Bulk photovoltaic effects and quantum geometry in the Haldane model

The bulk photovoltaic effect (BPVE) is the d.c. current generation in an inversion-symmetry broken material under light illumination. BPVE includes injection and shift currents, as a result of the change of velocity and displacement of wave packets during optical transitions, respectively. We derive the constraints on the nonvanishing components of the conductivity tensors imposed by mirror-time ($\mathcal{MT}$) symmetry for two-dimensional systems. For the Haldane model, we show that linearly polarized light can induce shift and injection currents. In contrast, circularly polarized light can not induce injection or shift current as constrained by the three-fold rotation symmetry. Additionally, due to the presence of $\mathcal{MT}$ symmetry, a separation of responses is expected in the Haldane model: one direction exhibits a time-reversal symmetry-allowed shift photocurrent, whereas another orthogonal direction manifests a $\mathcal{MT}$ allowed injection photocurrent. Furthermore, we demonstrate the microscopic quantum origin of the BPVE by calculating quantum metric and Hermitian connection.
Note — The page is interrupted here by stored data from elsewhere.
Definition representable (C : tstruct -> Prop) : Prop :=
  exists (A : tstruct) (J : (A -> Prop) -> Prop), is_set_ideal A J /\ age_eq A J C.

From Stdlib Require Import Cantor Lia Bool ClassicalEpsilon ProofIrrelevance.

(* Take for the ideal the structures that embed into a coded structure: a spine
   (the naturals, made rigid by the triples (n, n, n+1) and (0, 1, 1)) together
   with countably many points i (marked by (i, i, i)), where a point codes a real
   r by the triples (n, i, n) for n in r, and each pair of distinct points (i, j)
   is labelled by a spine element c via (i, j, c), injectively in j.  Two coded
   structures amalgamate into their disjoint union, labelling the new pairs on a
   fresh level of the Cantor pairing; bounding the levels used keeps such a level
   free.

   If it were the age of M along an ideal J of subsets, then any two copies of
   coded structures in M would lie in a common member of J, which embeds into a
   coded structure.  By rigidity all copies share one spine, and once a point o is
   fixed, every other point x of a copy gets a label n with (o, x, n) in M that
   determines x.  As every real is coded by a point of some copy, this injects
   the reals into the naturals, contradicting Cantor's theorem. *)

Lemma embeds_refl (A : tstruct) : embeds A A.
Proof. exists (fun x => x). split; [auto | intros; reflexivity]. Qed.

Lemma embeds_trans (A B D : tstruct) : embeds A B -> embeds B D -> embeds A D.
Proof.
  intros [f [f_inj f_rel]] [g [g_inj g_rel]]. exists (fun x => g (f x)). split.
  - intros x y E. apply f_inj, g_inj, E.
  - intros a b c. rewrite f_rel. apply g_rel.
Qed.

Lemma isomorphic_embeds_sym (A B : tstruct) : isomorphic A B -> embeds B A.
Proof.
  intros [f [[f_inj f_rel] f_surj]].
  destruct (choice (fun y x => f x = y) f_surj) as [g Hg].
  exists g. split.
  - intros x y E. rewrite <- (Hg x), <- (Hg y), E. reflexivity.
  - intros a b c. rewrite (f_rel (g a) (g b) (g c)), !Hg. reflexivity.
Qed.

Lemma proj1_sig_inj (X : Type) (P : X -> Prop) (u v : {x | P x}) :
  proj1_sig u = proj1_sig v -> u = v.
Proof. apply eq_sig_hprop. intros; apply proof_irrelevance. Qed.

Lemma card_lt_aleph1_sum (X Y : Type) :
  card_lt_aleph1 X -> card_lt_aleph1 Y -> card_lt_aleph1 (X + Y).
Proof.
  intros [f f_inj] [g g_inj].
  exists (fun u => match u with inl x => 2 * f x | inr y => 2 * g y + 1 end).
  intros [x|y] [x'|y'] E; f_equal; [apply f_inj | | | apply g_inj]; lia.
Qed.

Lemma card_lt_aleph1_embeds (A B : tstruct) :
  embeds A B -> card_lt_aleph1 B -> card_lt_aleph1 A.
Proof.
  intros [e [e_inj _]] [f f_inj]. exists (fun x => f (e x)).
  intros x y E. apply e_inj, f_inj, E.
Qed.

Definition nat_coding_of_reals (P : (nat -> bool) -> nat -> Prop) : Prop :=
  (forall r, exists k, P r k) /\ (forall r r' k, P r k -> P r' k -> forall n, r n = r' n).

Lemma no_nat_coding_of_reals (P : (nat -> bool) -> nat -> Prop) : ~ nat_coding_of_reals P.
Proof.
  intros [P_total P_unique].
  pose (decode k := epsilon (inhabits (fun _ : nat => false)) (fun r => P r k)).
  pose (diag n := negb (decode n n)).
  destruct (P_total diag) as [k Hk].
  assert (Hdecode : P (decode k) k) by (apply epsilon_spec; exists diag; exact Hk).
  pose proof (P_unique diag (decode k) k Hk Hdecode k) as E.
  unfold diag in E. destruct (decode k k); discriminate.
Qed.

Record coding (I : Type) := Coding {
  member : I -> nat -> bool;
  pair_code : I -> I -> nat
}.
Arguments Coding {I}.
Arguments member {I}.
Arguments pair_code {I}.

Definition coded_rel {I : Type} (p : coding I) (a b c : nat + I) : Prop :=
  match a, b, c with
  | inl a, inl b, inl c => (a = b /\ c = S a) \/ (a = 0 /\ b = 1 /\ c = 1)
  | inr i, inr j, inr k => i = j /\ j = k
  | inl n, inr i, inl m => n = m /\ member p i n = true
  | inr i, inr j, inl n => i <> j /\ pair_code p i j = n
  | _, _, _ => False
  end.

Definition coded {I : Type} (p : coding I) : tstruct :=
  {| carrier := (nat + I)%type; rel := coded_rel p |}.

Lemma coded_spine_fixed {I I' : Type} (p : coding I) (q : coding I') (e : nat + I -> nat + I') :
  is_embedding (coded p) (coded q) e -> forall n, e (inl n) = inl n.
Proof.
  (* (0, 1, 1) is the only spine triple with distinct first entries, so 0 is
     fixed; the triples (n, n, n+1) then fix every successor. *)
  intros [e_inj e_rel]. induction n as [|n IH].
  - assert (H : coded_rel q (e (inl 0)) (e (inl 1)) (e (inl 1))) by (apply e_rel; cbn; auto).
    assert (Hne : e (inl 0) <> e (inl 1)) by (intro E; apply e_inj in E; discriminate).
    destruct (e (inl 0)) as [a|a], (e (inl 1)) as [b|b]; cbn in H; try tauto.
    + destruct H as [[E H]|[-> _]]; [lia | reflexivity].
    + destruct H as [-> _]. contradiction.
  - assert (H : coded_rel q (e (inl n)) (e (inl n)) (e (inl (S n)))) by (apply e_rel; cbn; auto).
    rewrite IH in H. destruct (e (inl (S n))) as [c|c]; cbn in H; try tauto.
    destruct H as [[_ ->]|[-> [H _]]]; [reflexivity | discriminate].
Qed.

Lemma coded_loop_is_point {I : Type} (q : coding I) (u : nat + I) :
  coded_rel q u u u -> exists i, u = inr i.
Proof.
  destruct u as [a|i]; cbn; [|eauto].
  intros [[_ H]|[-> [H _]]]; lia.
Qed.

Lemma coded_point_image {I I' : Type} (p : coding I) (q : coding I') (e : nat + I -> nat + I') :
  is_embedding (coded p) (coded q) e -> forall i, exists j, e (inr i) = inr j.
Proof.
  intros [_ e_rel] i. apply (coded_loop_is_point q), e_rel. cbn. auto.
Qed.

Lemma coded_embeds_reindex {I I' : Type} (p : coding I) (p' : coding I') (phi : I -> I') :
  (forall i j, phi i = phi j -> i = j) ->
  (forall i n, member p' (phi i) n = member p i n) ->
  (forall i j, i <> j -> pair_code p' (phi i) (phi j) = pair_code p i j) ->
  embeds (coded p) (coded p').
Proof.
  intros phi_inj phi_member phi_code.
  exists (fun u => match u with inl n => inl n | inr i => inr (phi i) end). split.
  - intros [x|x] [y|y] E; inversion E; f_equal; auto.
  - intros [a|a] [b|b] [c|c]; cbn; try tauto.
    + rewrite phi_member. reflexivity.
    + split; intros [Hab Hc].
      * split; [intro E; apply phi_inj in E; contradiction | rewrite phi_code; assumption].
      * assert (a <> b) by (intros ->; contradiction). rewrite <- phi_code; auto.
    + split; intros [E1 E2]; [subst; auto | apply phi_inj in E1, E2; subst; auto].
Qed.

Definition level (c : nat) : nat := fst (Cantor.of_nat c).

Definition at_level (L j : nat) : nat := Cantor.to_nat (L, j).

Lemma level_at_level (L j : nat) : level (at_level L j) = L.
Proof. unfold level, at_level. rewrite Cantor.cancel_of_to. reflexivity. Qed.

Lemma at_level_inj (L j j' : nat) : at_level L j = at_level L j' -> j = j'.
Proof.
  intro E. apply (f_equal Cantor.of_nat) in E. unfold at_level in E.
  rewrite !Cantor.cancel_of_to in E. congruence.
Qed.

Lemma at_level_neq (c L j : nat) : level c < L -> c <> at_level L j.
Proof. intros Hc ->. rewrite level_at_level in Hc. lia. Qed.

Definition row_injective {I : Type} (p : coding I) : Prop :=
  forall i j j', i <> j -> i <> j' -> pair_code p i j = pair_code p i j' -> j = j'.

Lemma coded_pair_partner_unique {I : Type} (q : coding I) (i j j' : I) (n : nat) :
  row_injective q ->
  coded_rel q (inr i) (inr j) (inl n) -> coded_rel q (inr i) (inr j') (inl n) -> j = j'.
Proof. cbn. intros Hq [Hij E] [Hij' E']. apply (Hq i); congruence. Qed.

Definition levels_below {I : Type} (p : coding I) (L : nat) : Prop :=
  forall i j, level (pair_code p i j) < L.

Definition admissible {I : Type} (p : coding I) : Prop :=
  card_lt_aleph1 I /\ row_injective p /\ exists L, levels_below p L.

Definition coded_age (B : tstruct) : Prop :=
  exists (I : Type) (p : coding I), admissible p /\ embeds B (coded p).

Definition real_coding (r : nat -> bool) : coding unit := Coding (fun _ n => r n) (fun _ _ => 0).

Lemma admissible_real_coding (r : nat -> bool) : admissible (real_coding r).
Proof.
  split; [|split].
  - exists (fun _ => 0). intros [] [] _. reflexivity.
  - intros [] [] j' Hij. contradiction.
  - exists 1. intros i j. cbn. lia.
Qed.

Definition join_coding {I1 I2 : Type} (p1 : coding I1) (p2 : coding I2)
    (f1 : I1 -> nat) (f2 : I2 -> nat) (L : nat) : coding (I1 + I2) :=
  Coding
    (fun i => match i with inl i => member p1 i | inr i => member p2 i end)
    (fun i j => match i, j with
                | inl i, inl j => pair_code p1 i j
                | inr i, inr j => pair_code p2 i j
                | inl _, inr j => at_level L (f2 j)
                | inr _, inl j => at_level L (f1 j)
                end).

Section Join.

Variables (I1 I2 : Type) (p1 : coding I1) (p2 : coding I2).
Variables (f1 : I1 -> nat) (f2 : I2 -> nat) (L : nat).

Lemma embeds_join_l : embeds (coded p1) (coded (join_coding p1 p2 f1 f2 L)).
Proof. apply (coded_embeds_reindex _ _ inl); [congruence | intros; reflexivity | intros; reflexivity]. Qed.

Lemma embeds_join_r : embeds (coded p2) (coded (join_coding p1 p2 f1 f2 L)).
Proof. apply (coded_embeds_reindex _ _ inr); [congruence | intros; reflexivity | intros; reflexivity]. Qed.

Hypotheses (p1_below : levels_below p1 L) (p2_below : levels_below p2 L).

Lemma levels_below_join : levels_below (join_coding p1 p2 f1 f2 L) (S L).
Proof.
  intros [i|i] [j|j]; cbn [join_coding pair_code]; rewrite ?level_at_level;
    [pose proof (p1_below i j) | | | pose proof (p2_below i j)]; lia.
Qed.

Lemma row_injective_join :
  (forall x y, f1 x = f1 y -> x = y) -> (forall x y, f2 x = f2 y -> x = y) ->
  row_injective p1 -> row_injective p2 -> row_injective (join_coding p1 p2 f1 f2 L).
Proof.
  intros f1_inj f2_inj R1 R2 [i|i] [j|j] [j'|j'] Hij Hij' E; cbn [join_coding pair_code] in E.
  - f_equal. apply (R1 i); congruence.
  - destruct (at_level_neq _ _ _ (p1_below i j) E).
  - destruct (at_level_neq _ _ _ (p1_below i j') (eq_sym E)).
  - f_equal. apply f2_inj, (at_level_inj L), E.
  - f_equal. apply f1_inj, (at_level_inj L), E.
  - destruct (at_level_neq _ _ _ (p2_below i j') (eq_sym E)).
  - destruct (at_level_neq _ _ _ (p2_below i j) E).
  - f_equal. apply (R2 i); congruence.
Qed.

End Join.

Lemma admissible_codings_directed {I1 I2 : Type} (p1 : coding I1) (p2 : coding I2) :
  admissible p1 -> admissible p2 ->
  exists (I : Type) (p : coding I),
    admissible p /\ embeds (coded p1) (coded p) /\ embeds (coded p2) (coded p).
Proof.
  intros ([f1 f1_inj] & R1 & L1 & B1) ([f2 f2_inj] & R2 & L2 & B2).
  assert (B1' : levels_below p1 (L1 + L2)) by (intros i j; specialize (B1 i j); lia).
  assert (B2' : levels_below p2 (L1 + L2)) by (intros i j; specialize (B2 i j); lia).
  exists (I1 + I2)%type, (join_coding p1 p2 f1 f2 (L1 + L2)).
  split; [split; [|split] | split].
  - apply card_lt_aleph1_sum; [exists f1 | exists f2]; assumption.
  - apply row_injective_join; assumption.
  - exists (S (L1 + L2)). apply levels_below_join; assumption.
  - apply embeds_join_l.
  - apply embeds_join_r.
Qed.

Lemma coded_age_ideal : is_ideal coded_age.
Proof.
  split; [|split; [|split]].
  - intros A B HAB (I & p & Hp & HA). exists I, p. split; [exact Hp|].
    exact (embeds_trans _ _ _ (isomorphic_embeds_sym _ _ HAB) HA).
  - exists (coded (real_coding (fun _ => false))), unit, (real_coding (fun _ => false)).
    split; [apply admissible_real_coding | apply embeds_refl].
  - intros A B HAB (I & p & Hp & HB). exists I, p. split; [exact Hp|].
    exact (embeds_trans _ _ _ HAB HB).
  - intros A B (I1 & p1 & Hp1 & HA) (I2 & p2 & Hp2 & HB).
    destruct (admissible_codings_directed p1 p2 Hp1 Hp2) as (I & p & Hp & E1 & E2).
    exists (coded p). split; [exists I, p; split; [exact Hp | apply embeds_refl] | split].
    + exact (embeds_trans _ _ _ HA E1).
    + exact (embeds_trans _ _ _ HB E2).
Qed.

Definition discrete (X : Type) : tstruct := {| carrier := X; rel := fun _ _ _ => False |}.

Lemma coded_age_discrete (X : Type) : card_lt_aleph1 X -> coded_age (discrete X).
Proof.
  intros [f f_inj]. exists unit, (real_coding (fun _ => false)).
  split; [apply admissible_real_coding|].
  (* No spine triple lies within the even numbers. *)
  exists (fun x => inl (2 * f x)). split.
  - intros x y E. injection E. intro. apply f_inj. lia.
  - intros a b c. cbn. split; [tauto | lia].
Qed.

Lemma coded_age_aleph1_bounded : aleph1_bounded coded_age.
Proof.
  split; [|split].
  - intros A (I & p & (HI & _) & HA). apply (card_lt_aleph1_embeds _ _ HA).
    apply card_lt_aleph1_sum; [exists (fun n => n); auto | exact HI].
  - intro n. exists (discrete {k | k < n}). split.
    + apply coded_age_discrete. exists (@proj1_sig _ _). apply proj1_sig_inj.
    + exists (fun u => u). split; [auto | intro k; exists k; reflexivity].
  - exists (discrete nat). split.
    + apply coded_age_discrete. exists (fun n => n). auto.
    + exists (fun n => n). split; [auto | intro k; exists k; reflexivity].
Qed.

Section NotRepresentable.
The vector field of the Hermitian connection in the Brillouin zone possesses vortices only in the topological phase, corresponding to nonzero Chern number. The addition of magnetic flux breaks the mirror symmetry, as captured by quantum metric, leading to nonvanishing injection current. Our findings establish the BPVE as an optical probe for quantum geometry and topological phase transitions.